» ACTIVITY: For each line of the material, write out an exact copy.

» THE RECORDS:

»»

Lemma grid_approx_l2 a N f : grid_approx a N f ->
  forall eps, 0 < eps -> exists phi : fvec, has_coherent_rank N phi /\
    ex_series (fun k => Cmod (phi k - f k)%C ^ 2) /\
    Series (fun k => Cmod (phi k - f k)%C ^ 2) <= eps.
Proof.
  intros Hf eps Heps.
  set (w := grid_weight a N). set (W := Series (fun k => w k ^ 2)).
  assert (HwW : ex_series (fun k => w k ^ 2)) by apply grid_weight_sq_summable.
  assert (HW : 0 <= W).
  { apply Rle_trans with (w O ^ 2); [apply pow2_ge_0|].
    apply (Series_ge_term (fun k => w k ^ 2)); auto. intros; apply pow2_ge_0. }
  set (e := sqrt (eps / (W + 1))).
  assert (He : 0 < e) by (apply sqrt_lt_R0, Rdiv_lt_0_compat; lra).
  destruct (Hf e He) as [h0 [Hh0 A]]. destruct (A (h0 / 2) ltac:(lra)) as [c Hc].
  exists (grid_comb a (h0 / 2) N c). split; [apply grid_comb_coherent_rank|].
  set (phi := grid_comb a (h0 / 2) N c).
  assert (Hd : forall k, Rabs (Cmod (phi k - f k)%C) <= e * w k).
  { intros k. rewrite Rabs_pos_eq by apply Cmod_ge_0.
    rewrite <- Cmod_opp, Copp_minus_distr. apply Hc. }
  split; [apply (ex_series_sq_le _ w e Hd HwW)|].
  apply Rle_trans with (Series (fun k => e ^ 2 * w k ^ 2)).
  - apply Series_le; [|apply (ex_series_scal_l (e ^ 2)) in HwW; exact HwW].
    intros k. split; [apply pow2_ge_0|]. rewrite <- Rpow_mult_distr, <- (pow2_abs (Cmod _)).
    apply pow_incr. split; [apply Rabs_pos | apply Hd].
  - rewrite Series_scal_l. fold W. unfold e. rewrite pow2_sqrt by (apply Rdiv_le_0_compat; lra).
    apply Rle_trans with (eps / (W + 1) * (W + 1)); [|right; field; lra].
    apply Rmult_le_compat_l; [apply Rdiv_le_0_compat |]; lra.
Qed.

Lemma approx_coherent_rank_le_of_l2_approx N (f : fvec) :
  ex_series (fun k => Cmod (f k) ^ 2) ->
  (forall eps, 0 < eps -> exists phi : fvec, has_coherent_rank N phi /\
     ex_series (fun k => Cmod (phi k - f k)%C ^ 2) /\
     Series (fun k => Cmod (phi k - f k)%C ^ 2) <= eps) ->
  approx_coherent_rank_le N f.
Proof.
  intros Hf Happrox.
  destruct (classic (f = fun _ => 0%C)) as [Hz | Hnz]; [left; exact Hz | right].
  exists N. split; [lia|]. intros delta Hdelta.
  pose proof (normsq_pos f Hf Hnz) as HS.
  set (t := Rmin delta 1 / 8).
  assert (Ht : 0 < t <= 1 / 4 /\ 4 * t < delta).
  { pose proof (Rmin_l delta 1). pose proof (Rmin_r delta 1).
    assert (0 < Rmin delta 1) by (apply Rmin_glb_lt; lra). unfold t. lra. }
  destruct (Happrox (t ^ 2 * normsq f)) as [phi [Hrank [Hex Hclose]]];
    [apply Rmult_lt_0_compat; [apply pow_lt|]; lra|].
  exists phi. split; auto.
  pose proof (fidelity_ge f phi t (proj1 Ht) Hf HS Hex Hclose). lra.
Qed.

Theorem theorem3 (terms : list (C * list (nat * nat))) (n : nat) :
  (forall t, In t terms -> (n_creations (snd t) <= n)%nat) ->
  approx_op_coherent_rank_le (S n) (op_of terms).
Proof.
  intros Hterms alpha.
  assert (Happrox : grid_approx alpha (S n) (op_of terms (coherent alpha)))
    by (apply grid_approx_of_span, photon_added_span_op, Hterms).
  apply approx_coherent_rank_le_of_l2_approx.
  - apply (grid_approx_sq_summable alpha (S n)), Happrox.
  - apply (grid_approx_l2 alpha (S n)), Happrox.
Qed.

««

» EXPECTED ANSWER:
Lemma grid_approx_l2 a N f : grid_approx a N f ->
  forall eps, 0 < eps -> exists phi : fvec, has_coherent_rank N phi /\
    ex_series (fun k => Cmod (phi k - f k)%C ^ 2) /\
    Series (fun k => Cmod (phi k - f k)%C ^ 2) <= eps.
Proof.
  intros Hf eps Heps.
  set (w := grid_weight a N). set (W := Series (fun k => w k ^ 2)).
  assert (HwW : ex_series (fun k => w k ^ 2)) by apply grid_weight_sq_summable.
  assert (HW : 0 <= W).
  { apply Rle_trans with (w O ^ 2); [apply pow2_ge_0|].
    apply (Series_ge_term (fun k => w k ^ 2)); auto. intros; apply pow2_ge_0. }
  set (e := sqrt (eps / (W + 1))).
  assert (He : 0 < e) by (apply sqrt_lt_R0, Rdiv_lt_0_compat; lra).
  destruct (Hf e He) as [h0 [Hh0 A]]. destruct (A (h0 / 2) ltac:(lra)) as [c Hc].
  exists (grid_comb a (h0 / 2) N c). split; [apply grid_comb_coherent_rank|].
  set (phi := grid_comb a (h0 / 2) N c).
  assert (Hd : forall k, Rabs (Cmod (phi k - f k)%C) <= e * w k).
  { intros k. rewrite Rabs_pos_eq by apply Cmod_ge_0.
    rewrite <- Cmod_opp, Copp_minus_distr. apply Hc. }
  split; [apply (ex_series_sq_le _ w e Hd HwW)|].
  apply Rle_trans with (Series (fun k => e ^ 2 * w k ^ 2)).
  - apply Series_le; [|apply (ex_series_scal_l (e ^ 2)) in HwW; exact HwW].
    intros k. split; [apply pow2_ge_0|]. rewrite <- Rpow_mult_distr, <- (pow2_abs (Cmod _)).
    apply pow_incr. split; [apply Rabs_pos | apply Hd].
  - rewrite Series_scal_l. fold W. unfold e. rewrite pow2_sqrt by (apply Rdiv_le_0_compat; lra).
    apply Rle_trans with (eps / (W + 1) * (W + 1)); [|right; field; lra].
    apply Rmult_le_compat_l; [apply Rdiv_le_0_compat |]; lra.
Qed.

Lemma approx_coherent_rank_le_of_l2_approx N (f : fvec) :
  ex_series (fun k => Cmod (f k) ^ 2) ->
  (forall eps, 0 < eps -> exists phi : fvec, has_coherent_rank N phi /\
     ex_series (fun k => Cmod (phi k - f k)%C ^ 2) /\
     Series (fun k => Cmod (phi k - f k)%C ^ 2) <= eps) ->
  approx_coherent_rank_le N f.
Proof.
  intros Hf Happrox.
  destruct (classic (f = fun _ => 0%C)) as [Hz | Hnz]; [left; exact Hz | right].
  exists N. split; [lia|]. intros delta Hdelta.
  pose proof (normsq_pos f Hf Hnz) as HS.
  set (t := Rmin delta 1 / 8).
  assert (Ht : 0 < t <= 1 / 4 /\ 4 * t < delta).
  { pose proof (Rmin_l delta 1). pose proof (Rmin_r delta 1).
    assert (0 < Rmin delta 1) by (apply Rmin_glb_lt; lra). unfold t. lra. }
  destruct (Happrox (t ^ 2 * normsq f)) as [phi [Hrank [Hex Hclose]]];
    [apply Rmult_lt_0_compat; [apply pow_lt|]; lra|].
  exists phi. split; auto.
  pose proof (fidelity_ge f phi t (proj1 Ht) Hf HS Hex Hclose). lra.
Qed.

Theorem theorem3 (terms : list (C * list (nat * nat))) (n : nat) :
  (forall t, In t terms -> (n_creations (snd t) <= n)%nat) ->
  approx_op_coherent_rank_le (S n) (op_of terms).
Proof.
  intros Hterms alpha.
  assert (Happrox : grid_approx alpha (S n) (op_of terms (coherent alpha)))
    by (apply grid_approx_of_span, photon_added_span_op, Hterms).
  apply approx_coherent_rank_le_of_l2_approx.
  - apply (grid_approx_sq_summable alpha (S n)), Happrox.
  - apply (grid_approx_l2 alpha (S n)), Happrox.
Qed.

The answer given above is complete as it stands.